#### Problem description
Set down exactly the lines below, starting at the one that contains "0 < b2 <= 1 -> 0" and ending at the one that contains "- apply is_derive_minus_scal;", with both of those lines included and nothing else.

#### Information

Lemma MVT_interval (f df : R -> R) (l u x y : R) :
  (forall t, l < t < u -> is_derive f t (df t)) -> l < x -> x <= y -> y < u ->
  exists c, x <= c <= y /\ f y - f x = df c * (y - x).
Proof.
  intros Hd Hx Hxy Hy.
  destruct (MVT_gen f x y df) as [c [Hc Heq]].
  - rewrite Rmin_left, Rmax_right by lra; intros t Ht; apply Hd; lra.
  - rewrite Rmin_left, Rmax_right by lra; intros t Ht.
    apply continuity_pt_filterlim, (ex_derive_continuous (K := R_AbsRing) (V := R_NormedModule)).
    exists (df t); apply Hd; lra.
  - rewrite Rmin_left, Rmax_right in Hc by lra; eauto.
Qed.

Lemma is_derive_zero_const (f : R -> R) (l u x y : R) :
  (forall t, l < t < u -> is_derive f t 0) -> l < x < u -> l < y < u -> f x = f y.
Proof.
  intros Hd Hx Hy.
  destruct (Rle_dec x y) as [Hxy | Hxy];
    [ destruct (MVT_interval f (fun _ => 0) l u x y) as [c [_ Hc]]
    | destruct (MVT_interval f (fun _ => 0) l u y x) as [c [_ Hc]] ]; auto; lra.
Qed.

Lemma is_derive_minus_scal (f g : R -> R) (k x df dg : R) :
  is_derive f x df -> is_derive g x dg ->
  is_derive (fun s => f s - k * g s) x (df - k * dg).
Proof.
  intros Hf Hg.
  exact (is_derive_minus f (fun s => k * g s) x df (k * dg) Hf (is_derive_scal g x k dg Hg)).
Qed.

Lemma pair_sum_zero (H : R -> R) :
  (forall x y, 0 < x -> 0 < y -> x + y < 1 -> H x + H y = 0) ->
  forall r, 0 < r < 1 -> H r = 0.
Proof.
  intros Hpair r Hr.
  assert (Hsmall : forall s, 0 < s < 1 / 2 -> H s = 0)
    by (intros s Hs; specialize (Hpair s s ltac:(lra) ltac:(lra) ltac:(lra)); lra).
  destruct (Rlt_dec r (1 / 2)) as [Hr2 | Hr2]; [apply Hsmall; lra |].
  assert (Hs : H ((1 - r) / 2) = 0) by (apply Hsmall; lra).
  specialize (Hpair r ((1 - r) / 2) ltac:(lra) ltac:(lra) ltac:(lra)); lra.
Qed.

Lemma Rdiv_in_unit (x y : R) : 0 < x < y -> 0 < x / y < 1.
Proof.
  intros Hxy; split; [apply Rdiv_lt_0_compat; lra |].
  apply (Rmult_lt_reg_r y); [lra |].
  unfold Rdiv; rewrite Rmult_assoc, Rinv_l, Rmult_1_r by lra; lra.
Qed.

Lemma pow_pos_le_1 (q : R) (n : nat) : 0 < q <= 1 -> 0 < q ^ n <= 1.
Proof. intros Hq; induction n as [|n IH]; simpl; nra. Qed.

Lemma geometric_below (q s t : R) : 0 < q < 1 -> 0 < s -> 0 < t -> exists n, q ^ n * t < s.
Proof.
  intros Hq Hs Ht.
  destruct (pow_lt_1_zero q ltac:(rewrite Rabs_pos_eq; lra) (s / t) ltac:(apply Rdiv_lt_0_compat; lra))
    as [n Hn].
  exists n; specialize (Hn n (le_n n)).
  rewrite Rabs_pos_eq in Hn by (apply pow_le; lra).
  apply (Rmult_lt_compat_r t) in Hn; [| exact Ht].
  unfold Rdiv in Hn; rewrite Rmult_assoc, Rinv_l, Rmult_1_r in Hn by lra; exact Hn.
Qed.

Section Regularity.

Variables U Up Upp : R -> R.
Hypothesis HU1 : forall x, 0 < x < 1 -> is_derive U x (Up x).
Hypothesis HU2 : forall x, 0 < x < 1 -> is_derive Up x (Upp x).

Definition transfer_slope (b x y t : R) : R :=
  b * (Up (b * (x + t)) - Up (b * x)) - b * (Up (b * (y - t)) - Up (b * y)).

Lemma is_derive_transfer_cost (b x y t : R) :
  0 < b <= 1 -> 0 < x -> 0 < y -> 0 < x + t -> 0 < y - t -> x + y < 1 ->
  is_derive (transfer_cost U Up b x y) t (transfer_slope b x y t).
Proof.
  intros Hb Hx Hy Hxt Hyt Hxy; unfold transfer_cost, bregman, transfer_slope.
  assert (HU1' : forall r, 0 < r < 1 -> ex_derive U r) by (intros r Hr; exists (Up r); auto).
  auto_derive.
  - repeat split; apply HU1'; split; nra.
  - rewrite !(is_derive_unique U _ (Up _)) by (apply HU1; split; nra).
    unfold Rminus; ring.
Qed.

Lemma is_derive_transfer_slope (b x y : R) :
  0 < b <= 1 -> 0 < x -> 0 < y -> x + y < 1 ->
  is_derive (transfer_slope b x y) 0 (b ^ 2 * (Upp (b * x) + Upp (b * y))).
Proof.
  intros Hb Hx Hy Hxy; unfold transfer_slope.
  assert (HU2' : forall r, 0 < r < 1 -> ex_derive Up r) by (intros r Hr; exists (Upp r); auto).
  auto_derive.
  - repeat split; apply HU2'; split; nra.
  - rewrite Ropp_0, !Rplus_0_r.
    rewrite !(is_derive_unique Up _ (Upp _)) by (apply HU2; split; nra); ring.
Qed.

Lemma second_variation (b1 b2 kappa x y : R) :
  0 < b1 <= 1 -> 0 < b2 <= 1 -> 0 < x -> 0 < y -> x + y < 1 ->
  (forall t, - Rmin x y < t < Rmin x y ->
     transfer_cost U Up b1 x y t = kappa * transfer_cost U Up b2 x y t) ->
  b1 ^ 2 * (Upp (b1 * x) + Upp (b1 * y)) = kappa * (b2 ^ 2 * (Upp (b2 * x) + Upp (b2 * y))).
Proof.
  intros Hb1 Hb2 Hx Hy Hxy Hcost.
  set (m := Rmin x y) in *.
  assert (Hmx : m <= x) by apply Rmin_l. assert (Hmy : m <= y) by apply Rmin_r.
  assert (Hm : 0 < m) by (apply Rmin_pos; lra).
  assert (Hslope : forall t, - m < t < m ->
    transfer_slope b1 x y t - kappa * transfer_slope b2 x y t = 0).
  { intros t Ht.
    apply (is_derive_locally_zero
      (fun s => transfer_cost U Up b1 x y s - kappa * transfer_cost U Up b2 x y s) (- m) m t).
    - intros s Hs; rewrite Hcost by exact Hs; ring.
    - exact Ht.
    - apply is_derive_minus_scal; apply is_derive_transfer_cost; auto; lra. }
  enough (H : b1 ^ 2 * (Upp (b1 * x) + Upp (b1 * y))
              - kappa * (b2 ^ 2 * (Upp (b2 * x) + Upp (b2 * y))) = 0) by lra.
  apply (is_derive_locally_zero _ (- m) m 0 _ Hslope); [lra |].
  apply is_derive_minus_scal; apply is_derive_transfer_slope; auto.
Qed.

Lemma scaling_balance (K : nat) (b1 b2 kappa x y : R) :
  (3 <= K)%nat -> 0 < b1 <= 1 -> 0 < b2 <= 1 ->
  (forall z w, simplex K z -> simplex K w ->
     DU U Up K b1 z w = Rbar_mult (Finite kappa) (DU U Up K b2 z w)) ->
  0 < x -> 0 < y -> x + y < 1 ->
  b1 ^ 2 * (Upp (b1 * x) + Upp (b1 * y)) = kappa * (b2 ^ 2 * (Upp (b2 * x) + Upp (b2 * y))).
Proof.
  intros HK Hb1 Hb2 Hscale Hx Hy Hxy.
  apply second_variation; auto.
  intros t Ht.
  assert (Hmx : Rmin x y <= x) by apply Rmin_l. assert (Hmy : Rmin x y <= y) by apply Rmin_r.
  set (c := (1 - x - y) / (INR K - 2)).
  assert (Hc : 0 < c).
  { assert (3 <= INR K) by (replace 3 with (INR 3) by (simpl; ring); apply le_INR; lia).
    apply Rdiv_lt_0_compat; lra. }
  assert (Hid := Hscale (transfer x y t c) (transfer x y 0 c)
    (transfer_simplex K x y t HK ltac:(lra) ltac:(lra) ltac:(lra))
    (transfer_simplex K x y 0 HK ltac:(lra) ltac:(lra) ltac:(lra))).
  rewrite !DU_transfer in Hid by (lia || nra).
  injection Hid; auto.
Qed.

#### Expected answer
  0 < b1 <= 1 -> 0 < b2 <= 1 -> 0 < x -> 0 < y -> x + y < 1 ->
  (forall t, - Rmin x y < t < Rmin x y ->
     transfer_cost U Up b1 x y t = kappa * transfer_cost U Up b2 x y t) ->
  b1 ^ 2 * (Upp (b1 * x) + Upp (b1 * y)) = kappa * (b2 ^ 2 * (Upp (b2 * x) + Upp (b2 * y))).
Proof.
  intros Hb1 Hb2 Hx Hy Hxy Hcost.
  set (m := Rmin x y) in *.
  assert (Hmx : m <= x) by apply Rmin_l. assert (Hmy : m <= y) by apply Rmin_r.
  assert (Hm : 0 < m) by (apply Rmin_pos; lra).
  assert (Hslope : forall t, - m < t < m ->
    transfer_slope b1 x y t - kappa * transfer_slope b2 x y t = 0).
  { intros t Ht.
    apply (is_derive_locally_zero
      (fun s => transfer_cost U Up b1 x y s - kappa * transfer_cost U Up b2 x y s) (- m) m t).
    - intros s Hs; rewrite Hcost by exact Hs; ring.
    - exact Ht.
    - apply is_derive_minus_scal; apply is_derive_transfer_cost; auto; lra. }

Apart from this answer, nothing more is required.